- [Information shown]
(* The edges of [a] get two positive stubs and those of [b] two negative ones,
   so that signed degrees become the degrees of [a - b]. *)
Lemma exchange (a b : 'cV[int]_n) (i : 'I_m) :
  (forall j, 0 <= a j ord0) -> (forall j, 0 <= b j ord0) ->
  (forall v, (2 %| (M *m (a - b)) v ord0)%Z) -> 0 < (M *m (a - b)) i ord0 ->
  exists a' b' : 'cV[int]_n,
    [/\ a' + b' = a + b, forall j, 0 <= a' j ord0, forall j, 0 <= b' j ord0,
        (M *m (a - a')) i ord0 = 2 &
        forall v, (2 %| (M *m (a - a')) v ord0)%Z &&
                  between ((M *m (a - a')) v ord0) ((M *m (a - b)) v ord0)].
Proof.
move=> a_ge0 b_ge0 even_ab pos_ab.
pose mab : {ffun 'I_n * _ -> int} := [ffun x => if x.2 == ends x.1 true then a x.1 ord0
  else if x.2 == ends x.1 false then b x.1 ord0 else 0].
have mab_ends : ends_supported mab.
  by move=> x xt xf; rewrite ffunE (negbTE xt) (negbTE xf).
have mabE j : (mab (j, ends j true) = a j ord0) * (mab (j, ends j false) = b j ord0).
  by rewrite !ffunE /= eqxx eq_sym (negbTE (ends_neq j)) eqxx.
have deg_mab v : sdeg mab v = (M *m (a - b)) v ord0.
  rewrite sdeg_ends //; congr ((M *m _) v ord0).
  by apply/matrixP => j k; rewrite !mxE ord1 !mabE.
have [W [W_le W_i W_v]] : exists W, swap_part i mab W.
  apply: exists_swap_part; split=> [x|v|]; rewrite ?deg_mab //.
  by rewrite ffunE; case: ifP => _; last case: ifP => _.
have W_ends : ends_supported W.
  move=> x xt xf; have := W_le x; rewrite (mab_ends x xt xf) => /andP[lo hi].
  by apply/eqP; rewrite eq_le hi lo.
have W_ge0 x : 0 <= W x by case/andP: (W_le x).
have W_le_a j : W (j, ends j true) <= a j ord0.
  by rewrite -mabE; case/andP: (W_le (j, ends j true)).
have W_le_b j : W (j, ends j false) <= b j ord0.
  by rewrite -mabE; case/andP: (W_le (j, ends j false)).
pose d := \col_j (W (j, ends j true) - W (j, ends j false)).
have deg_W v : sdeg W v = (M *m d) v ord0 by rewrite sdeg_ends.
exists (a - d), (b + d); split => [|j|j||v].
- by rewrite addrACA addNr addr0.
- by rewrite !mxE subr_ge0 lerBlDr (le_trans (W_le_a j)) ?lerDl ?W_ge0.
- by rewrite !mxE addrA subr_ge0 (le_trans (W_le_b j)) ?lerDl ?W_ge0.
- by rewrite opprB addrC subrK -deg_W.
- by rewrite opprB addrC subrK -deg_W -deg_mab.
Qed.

==

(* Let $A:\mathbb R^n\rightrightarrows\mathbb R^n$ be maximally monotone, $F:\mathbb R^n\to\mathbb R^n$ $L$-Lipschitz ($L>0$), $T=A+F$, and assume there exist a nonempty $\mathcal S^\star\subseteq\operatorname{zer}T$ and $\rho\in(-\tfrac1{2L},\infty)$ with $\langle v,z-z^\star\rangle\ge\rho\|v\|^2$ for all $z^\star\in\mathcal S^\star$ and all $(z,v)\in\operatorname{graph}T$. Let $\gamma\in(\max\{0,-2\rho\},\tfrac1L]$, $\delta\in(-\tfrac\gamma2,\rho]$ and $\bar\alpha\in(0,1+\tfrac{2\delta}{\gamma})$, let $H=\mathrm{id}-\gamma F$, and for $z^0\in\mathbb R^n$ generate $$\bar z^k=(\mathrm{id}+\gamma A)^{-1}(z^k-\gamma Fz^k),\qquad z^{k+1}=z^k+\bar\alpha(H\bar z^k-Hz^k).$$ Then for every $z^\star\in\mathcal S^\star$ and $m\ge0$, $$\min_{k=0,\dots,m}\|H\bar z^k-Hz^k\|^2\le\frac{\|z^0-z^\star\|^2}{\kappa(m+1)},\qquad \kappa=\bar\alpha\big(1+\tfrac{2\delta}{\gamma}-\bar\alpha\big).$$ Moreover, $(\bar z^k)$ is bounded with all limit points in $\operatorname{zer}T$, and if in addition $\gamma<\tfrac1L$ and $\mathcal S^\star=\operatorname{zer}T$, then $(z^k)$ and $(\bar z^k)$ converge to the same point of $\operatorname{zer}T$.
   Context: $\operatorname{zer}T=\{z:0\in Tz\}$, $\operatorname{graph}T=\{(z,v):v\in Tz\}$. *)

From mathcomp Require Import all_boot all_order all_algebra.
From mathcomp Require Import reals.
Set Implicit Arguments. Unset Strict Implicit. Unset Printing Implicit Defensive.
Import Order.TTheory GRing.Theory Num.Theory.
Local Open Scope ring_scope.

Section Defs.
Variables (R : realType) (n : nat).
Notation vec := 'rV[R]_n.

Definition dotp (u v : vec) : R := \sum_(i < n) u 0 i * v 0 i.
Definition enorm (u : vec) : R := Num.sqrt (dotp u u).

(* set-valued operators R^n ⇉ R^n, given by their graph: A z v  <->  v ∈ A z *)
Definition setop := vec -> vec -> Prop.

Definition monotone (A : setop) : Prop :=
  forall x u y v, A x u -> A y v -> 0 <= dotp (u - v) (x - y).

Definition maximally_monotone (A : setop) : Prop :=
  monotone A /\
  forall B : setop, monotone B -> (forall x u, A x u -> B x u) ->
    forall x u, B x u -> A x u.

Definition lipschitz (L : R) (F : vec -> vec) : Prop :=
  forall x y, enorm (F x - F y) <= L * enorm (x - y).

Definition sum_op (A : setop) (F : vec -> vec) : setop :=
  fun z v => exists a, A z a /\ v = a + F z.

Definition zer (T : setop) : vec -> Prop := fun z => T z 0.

- [Problem to work on]
From the records above, reproduce exactly the lines from the one with "Definition dotp (u" to the one with "monotone A /\", both included, and no others.

- [Answer to the exercise]
Definition dotp (u v : vec) : R := \sum_(i < n) u 0 i * v 0 i.
Definition enorm (u : vec) : R := Num.sqrt (dotp u u).

(* set-valued operators R^n ⇉ R^n, given by their graph: A z v  <->  v ∈ A z *)
Definition setop := vec -> vec -> Prop.

Definition monotone (A : setop) : Prop :=
  forall x u y v, A x u -> A y v -> 0 <= dotp (u - v) (x - y).

Definition maximally_monotone (A : setop) : Prop :=
  monotone A /\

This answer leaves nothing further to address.